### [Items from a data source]
*** Block opens ***

Lemma perp2_regular_noncollinear u w a b c p : ~~ col u w ->
  a \in perpS L [set u; w] -> b \in perpS L [set u; w] -> c \in perpS L [set u; w] ->
  a != b -> a != c -> b != c -> p != u -> p != w ->
  p \in perpS L [set a; b] -> col c p.
Proof.
move=> nuw auw buw cuw ab ac bc pu pw pab; apply: contraT => ncp.
have nab := perp2_noncollinear nuw auw buw ab.
have nac := perp2_noncollinear nuw auw cuw ac.
have nbc := perp2_noncollinear nuw buw cuw bc.
move: (auw) (buw) (cuw) (pab); rewrite !in_perpS2.
move=> /andP[ua wa] /andP[ub wb] /andP[uc wc] /andP[ap bp].
have uab : u \in perpS L [set a; b].
  by rewrite in_perpS2 (collinear_sym a) (collinear_sym b) ua ub.
have wab : w \in perpS L [set a; b].
  by rewrite in_perpS2 (collinear_sym a) (collinear_sym b) wa wb.
have npu := perp2_noncollinear nab pab uab pu.
have npw := perp2_noncollinear nab pab wab pw.
have cu : c != u by apply: contraNneq nuw => <-; rewrite collinear_sym.
have cw : c != w by apply: contraNneq nuw => <-.
case/collinearP: uc => l1 [l1L ul1 cl1]; case/collinearP: wc => l2 [l2L wl2 cl2].
have [u2 [u2c u2u el1]] := line_third l1L cl1 ul1 cu.
have [w2 [w2c w2w el2]] := line_third l2L cl2 wl2 cw.
have u2l1 : u2 \in l1 by rewrite el1 !inE eqxx !orbT.
have w2l2 : w2 \in l2 by rewrite el2 !inE eqxx !orbT.
rewrite collinear_sym in ncp.
have pu2 : col p u2 by apply: (@collinear_third_on_line c u); rewrite -?el1.
have pw2 : col p w2 by apply: (@collinear_third_on_line c w); rewrite -?el2.
have miss z : ~~ col z c -> col z u -> col z w -> ~~ col z u2 && ~~ col z w2.
  move=> zc zu zw.
  have zl1 : z \notin l1 by apply: contra zc => zl1; apply: line_collinear l1L zl1 cl1.
  have zl2 : z \notin l2 by apply: contra zc => zl2; apply: line_collinear l2L zl2 cl2.
  rewrite (noncollinear_on_line l1L zl1 ul1 u2l1 _ zu) 1?eq_sym //.
  by rewrite (noncollinear_on_line l2L zl2 wl2 w2l2 _ zw) 1?eq_sym.
have /andP[nau2 naw2] : ~~ col a u2 && ~~ col a w2.
  by apply: miss; rewrite // collinear_sym.
have /andP[nbu2 nbw2] : ~~ col b u2 && ~~ col b w2.
  by apply: miss; rewrite // collinear_sym.
rewrite collinear_sym in ap; rewrite collinear_sym in bp.
(* p lies on only three lines, so two of a, b, u2, w2 are collinear, and only u2, w2
   can be; as there are no triangles, this forces l1 = l2 and hence u ~ w. *)
have u2w2 : col u2 w2.
  by apply: contraT => nu2w2; case: (four_noncollinear ap bp pu2 pw2).
have l12 := lines_eq_of_collinear l1L l2L cl1 cl2 u2l1 w2l2 u2c w2c u2w2.
by move: nuw; rewrite (line_collinear l2L _ wl2) // -l12.
Qed.
Definition zero_window (s : int -> rat) (d : nat) (n : int) : Prop :=
  forall i : nat, (i < d)%N -> s (n + i%:Z) = 0.

Section SatRec.
Variable a : seq rat.

Lemma sat_rec_shift s (c : int) : sat_rec a s -> sat_rec a (fun n => s (n + c)).
Proof. by move=> hs n /=; rewrite addrAC hs; apply: eq_bigr => i _; rewrite addrAC. Qed.

Lemma sat_recZ s (c : rat) : sat_rec a s -> sat_rec a (fun n => c * s n).
Proof. by move=> hs n /=; rewrite hs mulr_sumr; apply: eq_bigr => i _; rewrite mulrCA. Qed.

Lemma sat_recB s t : sat_rec a s -> sat_rec a t -> sat_rec a (fun n => s n - t n).
Proof. by move=> hs ht n /=; rewrite hs ht -sumrB; apply: eq_bigr => i _; rewrite mulrBr. Qed.

Lemma sat_rec_lin s m (c : 'I_m -> rat) (f : 'I_m -> int) : sat_rec a s ->
  sat_rec a (fun n => \sum_(k < m) c k * s (n + f k)).
Proof.
move=> hs n /=.
under eq_bigr => k _ do rewrite addrAC hs mulr_sumr.
rewrite exchange_big /=; apply: eq_bigr => i _; rewrite mulr_sumr.
by apply: eq_bigr => k _; rewrite mulrCA addrAC.
Qed.

Variable s : int -> rat.
Hypothesis s_rec : sat_rec a s.

Lemma zero_window_succ n : zero_window s (size a) n -> zero_window s (size a) (n + 1).
Proof.
move=> hw i hi; case: (ltnP i.+1 (size a)) => [hi1 | hi1].
  by rewrite -(hw _ hi1); congr s; lia.
have -> : n + 1 + i%:Z = n + (size a)%:Z by lia.
by rewrite s_rec big1 // => k _; rewrite hw ?mulr0.
Qed.

Lemma zero_window_pred n : a`_0 != 0 ->
  zero_window s (size a) n -> zero_window s (size a) (n - 1).
Proof.
move=> a0 hw [|i] hi; last by rewrite -(hw i (ltnW hi)); congr s; lia.
have := s_rec (n - 1); case: (size a) hw hi => [//|d] hw _.
rewrite big_ord_recl /= big1 ?addr0 => [|k _].
  rewrite (_ : n - 1 + d.+1%:Z = n + d%:Z) ?hw //; last by lia.
  by move/esym/eqP; rewrite mulf_eq0 (negbTE a0) => /eqP.
have -> : n - 1 + (lift ord0 k : nat)%:Z = n + (k : nat)%:Z by rewrite lift0; lia.
by rewrite (hw k (leqW (ltn_ord k))) mulr0.
Qed.

Lemma sat_rec_eq0 : a`_0 != 0 -> zero_window s (size a) 0 -> forall n, s n = 0.
Proof.
move=> a0 hw0.
have hw : forall n, zero_window s (size a) n.
  elim/int_rec => // [k | k] hw.
    by rewrite -addn1 PoszD; apply: zero_window_succ.
  by rewrite (_ : - k.+1%:Z = - k%:Z - 1); [apply: zero_window_pred | lia].
have d0 : (0 < size a)%N by rewrite lt0n; apply: contraNneq a0 => /size0nil ->.
by move=> n; rewrite -(addr0 n) (hw n 0%N d0).
Qed.

End SatRec.

Definition lin_relation (c : nat -> rat) (d : nat) (u : int -> rat) : Prop :=
  forall n : int, \sum_(i < d) c i * u (n + (i : nat)%:Z) = 0.
(* Let $G$ be a reduced torsion-free abelian group which is super directly finite. Then $r_0(G)$ is finite.
   Context: All groups are abelian. A group $G$ is directly finite if there is no decomposition $G=A\oplus C$ with $C\ne0$ and $A\cong G$; $G$ is super directly finite if every epimorphic image of $G$ is directly finite. $r_0(G)$ denotes the torsion-free rank. *)

From mathcomp Require Import all_boot all_order all_algebra.
Set Implicit Arguments. Unset Strict Implicit. Unset Printing Implicit Defensive.
Import GRing.Theory.
Local Open Scope ring_scope.

Definition subgroup (G : zmodType) (A : G -> Prop) : Prop :=
  A 0 /\ (forall x y, A x -> A y -> A (x - y)).

Definition additive_map (G H : zmodType) (f : G -> H) : Prop :=
  forall x y, f (x - y) = f x - f y.

Definition torsion_free (G : zmodType) : Prop :=
  forall (x : G) (n : nat), x *+ n = 0 -> n = 0%N \/ x = 0.

Definition divisible_subgroup (G : zmodType) (D : G -> Prop) : Prop :=
  subgroup D /\ forall (x : G) (n : nat), D x -> (0 < n)%N ->
    exists y, D y /\ x = y *+ n.

Definition reduced (G : zmodType) : Prop :=
  forall D : G -> Prop, divisible_subgroup D -> forall x, D x -> x = 0.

*** Block closes ***

### [EXERCISE AIM]
All that is wanted is the stretch of lines above from the one containing "Variable s : int -> rat." through the one containing "rewrite (_ : n", duplicated exactly.

### [SOLUTION TO THIS PROBLEM]
Variable s : int -> rat.
Hypothesis s_rec : sat_rec a s.

Lemma zero_window_succ n : zero_window s (size a) n -> zero_window s (size a) (n + 1).
Proof.
move=> hw i hi; case: (ltnP i.+1 (size a)) => [hi1 | hi1].
  by rewrite -(hw _ hi1); congr s; lia.
have -> : n + 1 + i%:Z = n + (size a)%:Z by lia.
by rewrite s_rec big1 // => k _; rewrite hw ?mulr0.
Qed.

Lemma zero_window_pred n : a`_0 != 0 ->
  zero_window s (size a) n -> zero_window s (size a) (n - 1).
Proof.
move=> a0 hw [|i] hi; last by rewrite -(hw i (ltnW hi)); congr s; lia.
have := s_rec (n - 1); case: (size a) hw hi => [//|d] hw _.
rewrite big_ord_recl /= big1 ?addr0 => [|k _].
  rewrite (_ : n - 1 + d.+1%:Z = n + d%:Z) ?hw //; last by lia.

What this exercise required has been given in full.